**ENTRIES PROVIDED**:
Definition congruence_preserving_ext {dL dR}
    (L : finTBLatticeType dL) (R : finTBLatticeType dR) (f : L -> R) : Prop :=
  [/\
      forall th : {set R * R}, is_congruence th -> is_congruence (restrict_cong f th),
      forall th1 th2 : {set R * R}, is_congruence th1 -> is_congruence th2 ->
        restrict_cong f th1 = restrict_cong f th2 -> th1 = th2,
      forall ps : {set L * L}, is_congruence ps ->
        exists2 th : {set R * R}, is_congruence th & restrict_cong f th = ps,
      forall th1 th2 : {set R * R}, is_congruence th1 -> is_congruence th2 ->
        restrict_cong f (cong_meet th1 th2)
        = cong_meet (restrict_cong f th1) (restrict_cong f th2) &
      forall th1 th2 : {set R * R}, is_congruence th1 -> is_congruence th2 ->
        restrict_cong f (cong_join th1 th2)
        = cong_join (restrict_cong f th1) (restrict_cong f th2)].

From HB Require Import structures.
From mathcomp Require Import all_boot all_order all_algebra.
From mathcomp Require Import zify.
Set Implicit Arguments. Unset Strict Implicit. Unset Printing Implicit Defensive.
Import Order.Theory.
Local Open Scope order_scope.

(* Adjoin the elements of R to the image S of L one at a time, keeping S a
   cover-preserving {0,1}-sublattice.  Take b in S minimal above some element
   outside S, and x maximal outside S below b.  As x is a lower cover of b
   outside L, condition (c) and semimodularity force b to have exactly one
   other lower cover y, which is in S; m = x & y is in S and covered by x and
   y, and the meets and joins of x with S are computed from m, y and b.  The
   quotients [m, x] and [y, b] being perspective, every congruence of S
   extends uniquely to S + x, so restriction Con R -> Con L is an order
   isomorphism, hence a lattice isomorphism. *)

Section Covers.
Context {d : Order.disp_t} {T : finTBLatticeType d}.
Implicit Types (A : {set T}) (a b c m t w x y z : T).

Lemma coversP x y :
  reflect (x < y /\ forall z, x < z -> z < y -> False) (covers x y).
Proof.
apply: (iffP andP) => [[lt /forallP h]|[lt h]]; split => //.
  by move=> z xz zy; have := h z; rewrite xz zy.
by apply/forallP=> z; apply/negP=> /andP[]; exact: h.
Qed.

Lemma covers_lt x y : covers x y -> x < y.
Proof. by case/coversP. Qed.

Lemma covers_le x y : covers x y -> x <= y.
Proof. by move/covers_lt/ltW. Qed.

Lemma covers_between a c z : covers a c -> a <= z -> z <= c -> z = a \/ z = c.
Proof.
case/coversP=> _ h az zc.
case: (eqVneq z a) => [-> | na]; first by left.
case: (eqVneq z c) => [-> | nc]; first by right.
exfalso; apply: (h z); first by rewrite lt_def na.
by rewrite lt_def eq_sym nc.
Qed.

Lemma card_down_lt x y :
  x < y -> (#|[set t | (t <= x)%O]| < #|[set t | (t <= y)%O]|)%N.
Proof.
move=> xy; apply/proper_card/properP; split.
  by apply/subsetP=> t; rewrite !inE => tx; exact: le_trans tx (ltW xy).
by exists y; rewrite !inE ?lexx // lt_geF.
Qed.

Lemma exists_maximal (P : pred T) w :
  P w -> exists2 c, P c & forall z, P z -> ~ c < z.
Proof.
move=> Pw; have [c Pc cmax] := fintype.arg_maxnP (fun c => #|[set t | t <= c]|) Pw.
by exists c => // z Pz cz; have := cmax z Pz; rewrite /= leqNgt card_down_lt.
Qed.

Lemma exists_minimal (P : pred T) w :
  P w -> exists2 c, P c & forall z, P z -> ~ z < c.
Proof.
move=> Pw; have [c Pc cmin] := fintype.arg_minnP (fun c => #|[set t | t <= c]|) Pw.
by exists c => // z Pz zc; have := cmin z Pz; rewrite /= leqNgt card_down_lt.
Qed.

Lemma exists_lower_cover_in A w b : w \in A -> w < b ->
  exists c, [/\ c \in A, w <= c, c < b & forall z, z \in A -> c < z -> z < b -> False].
Proof.
move=> wA wb.
have [c /and3P[cA wc cb] cmax] : exists2 c, [&& c \in A, w <= c & c < b] &
    forall z, [&& z \in A, w <= z & z < b] -> ~ c < z.
  by apply: (exists_maximal (w := w)); rewrite /= wA lexx wb.
exists c; split=> // z zA cz zb; apply: (cmax z _ cz).
by rewrite zA zb (le_trans wc (ltW cz)).
Qed.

**WHAT TO PRODUCE**: Number of lines above with the word "cmin": state it alone.

**ANSWER SECTION**: 2